==== Data for review ====

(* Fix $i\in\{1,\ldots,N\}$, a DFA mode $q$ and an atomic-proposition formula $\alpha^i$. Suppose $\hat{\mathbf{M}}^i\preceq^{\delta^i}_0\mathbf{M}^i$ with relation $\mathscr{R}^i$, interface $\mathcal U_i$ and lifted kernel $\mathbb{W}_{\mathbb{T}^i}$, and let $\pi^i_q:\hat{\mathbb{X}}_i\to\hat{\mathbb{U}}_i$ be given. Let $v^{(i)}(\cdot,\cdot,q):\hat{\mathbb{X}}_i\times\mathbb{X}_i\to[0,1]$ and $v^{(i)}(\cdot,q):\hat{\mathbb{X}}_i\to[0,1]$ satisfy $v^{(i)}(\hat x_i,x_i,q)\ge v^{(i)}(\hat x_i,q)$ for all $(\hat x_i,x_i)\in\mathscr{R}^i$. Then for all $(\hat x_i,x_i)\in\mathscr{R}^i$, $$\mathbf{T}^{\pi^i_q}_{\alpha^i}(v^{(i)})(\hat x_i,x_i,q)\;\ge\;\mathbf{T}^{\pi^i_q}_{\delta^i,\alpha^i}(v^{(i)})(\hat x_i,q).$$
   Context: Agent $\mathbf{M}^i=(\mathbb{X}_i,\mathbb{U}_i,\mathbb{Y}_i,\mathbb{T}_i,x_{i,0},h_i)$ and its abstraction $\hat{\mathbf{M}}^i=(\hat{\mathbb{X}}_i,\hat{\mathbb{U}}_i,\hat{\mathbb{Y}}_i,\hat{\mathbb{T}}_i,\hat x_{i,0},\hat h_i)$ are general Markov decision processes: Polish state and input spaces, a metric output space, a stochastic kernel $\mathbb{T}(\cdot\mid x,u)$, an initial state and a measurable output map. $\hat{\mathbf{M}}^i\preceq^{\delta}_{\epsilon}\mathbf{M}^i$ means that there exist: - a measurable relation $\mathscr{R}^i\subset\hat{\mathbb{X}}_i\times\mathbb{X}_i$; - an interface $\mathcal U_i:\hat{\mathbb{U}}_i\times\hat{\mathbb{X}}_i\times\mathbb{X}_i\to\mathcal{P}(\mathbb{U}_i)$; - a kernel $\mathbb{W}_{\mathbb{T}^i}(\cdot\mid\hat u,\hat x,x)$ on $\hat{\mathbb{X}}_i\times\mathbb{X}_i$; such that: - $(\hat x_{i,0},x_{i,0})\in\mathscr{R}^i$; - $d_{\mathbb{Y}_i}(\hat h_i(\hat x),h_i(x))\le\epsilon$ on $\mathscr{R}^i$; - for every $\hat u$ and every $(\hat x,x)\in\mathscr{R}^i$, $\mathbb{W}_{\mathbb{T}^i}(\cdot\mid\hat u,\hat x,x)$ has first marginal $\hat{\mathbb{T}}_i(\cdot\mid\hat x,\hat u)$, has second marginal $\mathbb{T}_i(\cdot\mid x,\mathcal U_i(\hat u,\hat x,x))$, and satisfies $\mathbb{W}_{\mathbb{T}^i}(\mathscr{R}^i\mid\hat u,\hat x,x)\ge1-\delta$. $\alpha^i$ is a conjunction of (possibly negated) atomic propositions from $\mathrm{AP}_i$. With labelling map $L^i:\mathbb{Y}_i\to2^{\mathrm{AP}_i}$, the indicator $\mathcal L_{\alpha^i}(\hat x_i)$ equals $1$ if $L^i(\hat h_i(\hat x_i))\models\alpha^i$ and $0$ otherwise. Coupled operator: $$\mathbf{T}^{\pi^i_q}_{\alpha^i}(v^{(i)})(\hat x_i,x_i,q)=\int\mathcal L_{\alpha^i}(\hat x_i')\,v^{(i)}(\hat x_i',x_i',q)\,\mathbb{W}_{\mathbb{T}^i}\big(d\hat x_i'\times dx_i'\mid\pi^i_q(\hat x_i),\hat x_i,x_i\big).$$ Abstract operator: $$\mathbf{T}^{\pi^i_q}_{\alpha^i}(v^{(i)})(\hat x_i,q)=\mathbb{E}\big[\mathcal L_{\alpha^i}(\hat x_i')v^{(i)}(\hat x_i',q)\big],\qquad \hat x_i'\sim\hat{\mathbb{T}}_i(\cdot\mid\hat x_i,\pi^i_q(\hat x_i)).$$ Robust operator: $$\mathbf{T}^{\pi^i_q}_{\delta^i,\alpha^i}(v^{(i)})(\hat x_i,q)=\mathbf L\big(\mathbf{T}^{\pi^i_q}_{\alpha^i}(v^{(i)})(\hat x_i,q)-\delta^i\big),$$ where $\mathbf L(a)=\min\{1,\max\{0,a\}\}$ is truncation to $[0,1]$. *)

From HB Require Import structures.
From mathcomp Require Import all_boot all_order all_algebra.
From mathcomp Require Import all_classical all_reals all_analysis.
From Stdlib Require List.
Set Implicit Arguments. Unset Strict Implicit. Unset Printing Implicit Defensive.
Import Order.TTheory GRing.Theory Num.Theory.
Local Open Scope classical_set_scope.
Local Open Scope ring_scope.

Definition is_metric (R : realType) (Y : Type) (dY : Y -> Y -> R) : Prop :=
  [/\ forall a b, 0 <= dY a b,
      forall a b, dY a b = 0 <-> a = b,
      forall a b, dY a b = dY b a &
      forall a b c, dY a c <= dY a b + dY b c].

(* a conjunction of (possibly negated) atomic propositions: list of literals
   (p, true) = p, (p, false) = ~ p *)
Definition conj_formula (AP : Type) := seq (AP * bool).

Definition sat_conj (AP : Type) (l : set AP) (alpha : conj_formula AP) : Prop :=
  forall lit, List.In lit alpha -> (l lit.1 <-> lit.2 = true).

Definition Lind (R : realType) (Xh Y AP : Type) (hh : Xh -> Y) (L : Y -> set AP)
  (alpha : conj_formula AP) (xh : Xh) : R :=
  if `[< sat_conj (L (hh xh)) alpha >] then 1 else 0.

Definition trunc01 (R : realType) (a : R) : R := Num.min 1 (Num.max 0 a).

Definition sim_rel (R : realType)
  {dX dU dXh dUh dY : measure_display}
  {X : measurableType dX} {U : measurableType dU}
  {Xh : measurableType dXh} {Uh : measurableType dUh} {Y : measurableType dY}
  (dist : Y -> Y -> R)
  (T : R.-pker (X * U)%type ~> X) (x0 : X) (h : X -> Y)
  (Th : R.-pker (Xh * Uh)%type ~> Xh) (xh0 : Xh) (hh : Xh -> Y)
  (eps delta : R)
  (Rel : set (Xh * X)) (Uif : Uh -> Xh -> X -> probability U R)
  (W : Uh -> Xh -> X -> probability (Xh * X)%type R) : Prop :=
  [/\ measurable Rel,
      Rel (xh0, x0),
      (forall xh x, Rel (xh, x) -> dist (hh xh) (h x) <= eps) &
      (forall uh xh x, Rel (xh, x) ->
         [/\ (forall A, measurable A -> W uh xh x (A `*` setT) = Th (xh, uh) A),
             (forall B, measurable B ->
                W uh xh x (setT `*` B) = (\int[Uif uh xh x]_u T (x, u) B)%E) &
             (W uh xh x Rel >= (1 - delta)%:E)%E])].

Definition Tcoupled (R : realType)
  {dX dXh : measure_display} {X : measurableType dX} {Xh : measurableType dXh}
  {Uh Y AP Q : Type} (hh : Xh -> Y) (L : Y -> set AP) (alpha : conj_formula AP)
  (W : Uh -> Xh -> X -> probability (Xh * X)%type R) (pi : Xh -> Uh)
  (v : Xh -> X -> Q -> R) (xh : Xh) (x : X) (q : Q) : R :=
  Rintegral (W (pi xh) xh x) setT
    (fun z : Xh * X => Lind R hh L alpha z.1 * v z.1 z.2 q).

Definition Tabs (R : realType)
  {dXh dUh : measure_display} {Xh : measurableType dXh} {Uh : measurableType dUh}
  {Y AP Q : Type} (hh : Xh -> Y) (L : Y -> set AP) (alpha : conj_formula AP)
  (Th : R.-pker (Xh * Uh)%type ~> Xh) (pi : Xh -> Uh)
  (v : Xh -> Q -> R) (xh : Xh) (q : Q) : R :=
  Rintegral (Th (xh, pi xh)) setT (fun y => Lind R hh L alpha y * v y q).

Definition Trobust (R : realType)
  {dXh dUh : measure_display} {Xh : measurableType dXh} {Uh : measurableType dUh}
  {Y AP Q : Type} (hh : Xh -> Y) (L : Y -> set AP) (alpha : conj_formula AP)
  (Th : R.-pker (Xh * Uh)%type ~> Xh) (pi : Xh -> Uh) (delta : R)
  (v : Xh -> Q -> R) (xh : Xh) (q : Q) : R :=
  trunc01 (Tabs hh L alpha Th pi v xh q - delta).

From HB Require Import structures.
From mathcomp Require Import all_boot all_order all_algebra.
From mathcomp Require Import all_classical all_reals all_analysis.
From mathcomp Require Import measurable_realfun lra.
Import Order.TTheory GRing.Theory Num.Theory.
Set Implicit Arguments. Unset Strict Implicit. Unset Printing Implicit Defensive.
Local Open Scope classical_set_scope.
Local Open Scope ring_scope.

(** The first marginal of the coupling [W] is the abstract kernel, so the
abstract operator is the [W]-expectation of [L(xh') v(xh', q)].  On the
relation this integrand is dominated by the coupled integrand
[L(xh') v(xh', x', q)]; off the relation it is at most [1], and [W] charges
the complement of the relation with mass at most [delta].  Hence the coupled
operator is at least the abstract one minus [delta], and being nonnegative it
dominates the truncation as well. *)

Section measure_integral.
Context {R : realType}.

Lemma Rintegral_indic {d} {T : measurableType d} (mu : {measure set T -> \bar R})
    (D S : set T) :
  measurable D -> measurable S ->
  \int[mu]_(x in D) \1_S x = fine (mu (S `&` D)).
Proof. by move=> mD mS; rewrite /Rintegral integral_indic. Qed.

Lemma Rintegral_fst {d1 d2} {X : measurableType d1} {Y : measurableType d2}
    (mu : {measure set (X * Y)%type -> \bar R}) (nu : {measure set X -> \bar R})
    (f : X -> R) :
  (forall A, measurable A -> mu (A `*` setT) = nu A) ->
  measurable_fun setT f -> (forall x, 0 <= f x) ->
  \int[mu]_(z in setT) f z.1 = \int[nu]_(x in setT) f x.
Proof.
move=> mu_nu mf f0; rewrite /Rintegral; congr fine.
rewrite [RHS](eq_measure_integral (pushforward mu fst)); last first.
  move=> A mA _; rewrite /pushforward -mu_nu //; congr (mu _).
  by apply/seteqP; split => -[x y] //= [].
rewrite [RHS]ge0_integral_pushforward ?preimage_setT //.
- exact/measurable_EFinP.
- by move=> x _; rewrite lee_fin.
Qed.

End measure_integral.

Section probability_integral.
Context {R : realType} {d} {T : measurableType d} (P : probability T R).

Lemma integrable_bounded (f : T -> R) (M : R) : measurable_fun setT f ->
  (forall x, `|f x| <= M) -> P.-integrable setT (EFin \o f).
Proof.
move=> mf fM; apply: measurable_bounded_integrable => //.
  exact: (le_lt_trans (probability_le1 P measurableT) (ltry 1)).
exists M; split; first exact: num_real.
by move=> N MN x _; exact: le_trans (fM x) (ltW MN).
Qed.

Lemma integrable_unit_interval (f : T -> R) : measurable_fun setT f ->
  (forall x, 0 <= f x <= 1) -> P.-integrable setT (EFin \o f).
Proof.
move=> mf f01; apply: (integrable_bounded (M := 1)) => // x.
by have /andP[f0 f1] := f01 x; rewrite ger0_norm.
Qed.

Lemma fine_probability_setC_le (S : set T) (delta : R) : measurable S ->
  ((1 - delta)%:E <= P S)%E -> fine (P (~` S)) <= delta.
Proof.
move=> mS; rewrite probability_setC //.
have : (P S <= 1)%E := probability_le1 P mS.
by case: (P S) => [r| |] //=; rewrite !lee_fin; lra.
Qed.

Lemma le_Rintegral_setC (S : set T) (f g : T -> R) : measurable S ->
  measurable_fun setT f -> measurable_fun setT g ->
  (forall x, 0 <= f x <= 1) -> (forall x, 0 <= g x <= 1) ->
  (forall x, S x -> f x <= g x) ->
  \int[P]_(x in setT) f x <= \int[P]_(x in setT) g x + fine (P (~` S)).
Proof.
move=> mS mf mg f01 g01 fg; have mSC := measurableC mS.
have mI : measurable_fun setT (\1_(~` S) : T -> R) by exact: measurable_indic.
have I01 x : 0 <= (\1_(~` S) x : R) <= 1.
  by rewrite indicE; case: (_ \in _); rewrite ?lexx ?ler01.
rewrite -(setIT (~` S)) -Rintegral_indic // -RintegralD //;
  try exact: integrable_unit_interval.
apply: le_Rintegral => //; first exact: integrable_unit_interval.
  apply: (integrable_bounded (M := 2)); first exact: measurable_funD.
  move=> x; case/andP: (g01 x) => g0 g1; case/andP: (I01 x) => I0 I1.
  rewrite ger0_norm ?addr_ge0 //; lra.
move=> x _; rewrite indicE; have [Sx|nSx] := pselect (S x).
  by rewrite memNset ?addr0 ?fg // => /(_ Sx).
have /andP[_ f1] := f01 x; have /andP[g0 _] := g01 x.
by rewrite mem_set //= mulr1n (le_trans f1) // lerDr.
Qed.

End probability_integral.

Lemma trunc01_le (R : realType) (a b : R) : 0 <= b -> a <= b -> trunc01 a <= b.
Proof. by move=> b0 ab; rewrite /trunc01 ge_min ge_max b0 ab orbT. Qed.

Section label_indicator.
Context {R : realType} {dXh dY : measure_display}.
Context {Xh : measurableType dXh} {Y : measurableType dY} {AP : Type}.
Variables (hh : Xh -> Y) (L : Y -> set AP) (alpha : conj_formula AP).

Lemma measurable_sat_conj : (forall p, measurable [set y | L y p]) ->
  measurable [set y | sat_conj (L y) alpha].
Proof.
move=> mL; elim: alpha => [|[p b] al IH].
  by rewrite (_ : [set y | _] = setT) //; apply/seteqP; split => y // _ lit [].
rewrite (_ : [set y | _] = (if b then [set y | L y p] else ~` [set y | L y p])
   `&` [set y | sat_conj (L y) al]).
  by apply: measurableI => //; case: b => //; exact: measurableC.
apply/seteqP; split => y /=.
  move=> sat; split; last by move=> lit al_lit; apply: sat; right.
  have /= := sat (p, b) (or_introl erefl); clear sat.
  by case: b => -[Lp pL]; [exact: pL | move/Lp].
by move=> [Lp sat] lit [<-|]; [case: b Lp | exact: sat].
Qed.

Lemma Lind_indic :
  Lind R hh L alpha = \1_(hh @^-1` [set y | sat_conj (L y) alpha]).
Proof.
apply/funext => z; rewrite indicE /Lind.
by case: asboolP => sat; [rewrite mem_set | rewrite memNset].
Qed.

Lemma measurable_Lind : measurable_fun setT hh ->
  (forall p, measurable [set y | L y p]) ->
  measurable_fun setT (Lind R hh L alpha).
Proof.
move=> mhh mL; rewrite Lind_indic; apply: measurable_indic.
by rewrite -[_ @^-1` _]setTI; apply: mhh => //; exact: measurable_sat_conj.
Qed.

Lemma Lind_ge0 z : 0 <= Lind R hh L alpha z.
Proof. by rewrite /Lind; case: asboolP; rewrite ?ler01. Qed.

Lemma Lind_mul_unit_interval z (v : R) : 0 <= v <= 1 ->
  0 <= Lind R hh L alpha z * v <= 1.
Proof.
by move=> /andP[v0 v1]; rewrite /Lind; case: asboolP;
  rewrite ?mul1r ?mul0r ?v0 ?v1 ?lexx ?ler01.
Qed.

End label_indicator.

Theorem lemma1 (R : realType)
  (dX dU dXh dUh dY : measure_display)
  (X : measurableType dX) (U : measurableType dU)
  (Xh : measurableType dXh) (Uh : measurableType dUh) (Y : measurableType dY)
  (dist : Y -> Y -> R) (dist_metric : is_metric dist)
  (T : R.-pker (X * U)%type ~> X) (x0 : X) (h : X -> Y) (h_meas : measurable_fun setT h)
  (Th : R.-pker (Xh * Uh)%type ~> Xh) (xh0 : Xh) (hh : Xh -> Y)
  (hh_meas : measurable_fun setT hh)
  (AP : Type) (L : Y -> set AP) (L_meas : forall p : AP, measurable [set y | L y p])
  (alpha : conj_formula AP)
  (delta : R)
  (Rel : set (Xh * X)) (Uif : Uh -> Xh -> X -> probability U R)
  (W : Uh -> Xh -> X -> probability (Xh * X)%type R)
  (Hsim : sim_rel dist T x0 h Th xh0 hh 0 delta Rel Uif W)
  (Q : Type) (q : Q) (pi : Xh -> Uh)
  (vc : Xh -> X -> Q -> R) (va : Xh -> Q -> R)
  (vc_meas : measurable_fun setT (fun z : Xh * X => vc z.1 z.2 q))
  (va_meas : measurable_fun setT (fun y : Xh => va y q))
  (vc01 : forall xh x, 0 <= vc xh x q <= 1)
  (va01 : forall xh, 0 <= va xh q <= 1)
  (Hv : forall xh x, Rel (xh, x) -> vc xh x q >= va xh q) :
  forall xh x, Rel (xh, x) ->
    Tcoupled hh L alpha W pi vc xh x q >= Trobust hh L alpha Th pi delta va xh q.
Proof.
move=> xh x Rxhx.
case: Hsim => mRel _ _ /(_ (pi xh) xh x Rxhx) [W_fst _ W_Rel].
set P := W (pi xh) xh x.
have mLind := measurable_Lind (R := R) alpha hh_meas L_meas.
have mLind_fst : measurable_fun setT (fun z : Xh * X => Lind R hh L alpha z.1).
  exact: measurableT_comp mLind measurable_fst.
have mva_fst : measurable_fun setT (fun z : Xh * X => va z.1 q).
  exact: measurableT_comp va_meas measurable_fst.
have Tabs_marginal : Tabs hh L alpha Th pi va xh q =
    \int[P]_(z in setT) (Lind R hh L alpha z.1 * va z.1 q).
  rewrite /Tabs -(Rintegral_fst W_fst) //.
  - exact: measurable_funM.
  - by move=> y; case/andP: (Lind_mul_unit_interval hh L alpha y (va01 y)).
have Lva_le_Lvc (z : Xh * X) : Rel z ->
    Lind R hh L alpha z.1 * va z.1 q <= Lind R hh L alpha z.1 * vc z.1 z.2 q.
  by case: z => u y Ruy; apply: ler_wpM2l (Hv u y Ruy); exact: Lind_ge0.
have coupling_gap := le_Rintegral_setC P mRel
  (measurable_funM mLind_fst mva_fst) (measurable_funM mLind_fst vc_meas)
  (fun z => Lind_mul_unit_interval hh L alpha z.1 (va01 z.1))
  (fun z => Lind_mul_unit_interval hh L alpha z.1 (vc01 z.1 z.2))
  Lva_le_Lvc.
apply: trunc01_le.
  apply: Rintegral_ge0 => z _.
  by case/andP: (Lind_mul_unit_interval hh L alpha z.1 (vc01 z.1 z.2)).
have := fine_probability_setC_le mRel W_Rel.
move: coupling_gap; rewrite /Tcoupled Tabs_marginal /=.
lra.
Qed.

====

● Action item:
Give again the lines from the line holding "have Lva_le_Lvc (z : Xh * X) : Rel z ->" through the close of the listing, both included, exactly as written and with nothing else.

● Task output:
have Lva_le_Lvc (z : Xh * X) : Rel z ->
    Lind R hh L alpha z.1 * va z.1 q <= Lind R hh L alpha z.1 * vc z.1 z.2 q.
  by case: z => u y Ruy; apply: ler_wpM2l (Hv u y Ruy); exact: Lind_ge0.
have coupling_gap := le_Rintegral_setC P mRel
  (measurable_funM mLind_fst mva_fst) (measurable_funM mLind_fst vc_meas)
  (fun z => Lind_mul_unit_interval hh L alpha z.1 (va01 z.1))
  (fun z => Lind_mul_unit_interval hh L alpha z.1 (vc01 z.1 z.2))
  Lva_le_Lvc.
apply: trunc01_le.
  apply: Rintegral_ge0 => z _.
  by case/andP: (Lind_mul_unit_interval hh L alpha z.1 (vc01 z.1 z.2)).
have := fine_probability_setC_le mRel W_Rel.
move: coupling_gap; rewrite /Tcoupled Tabs_marginal /=.
lra.
Qed.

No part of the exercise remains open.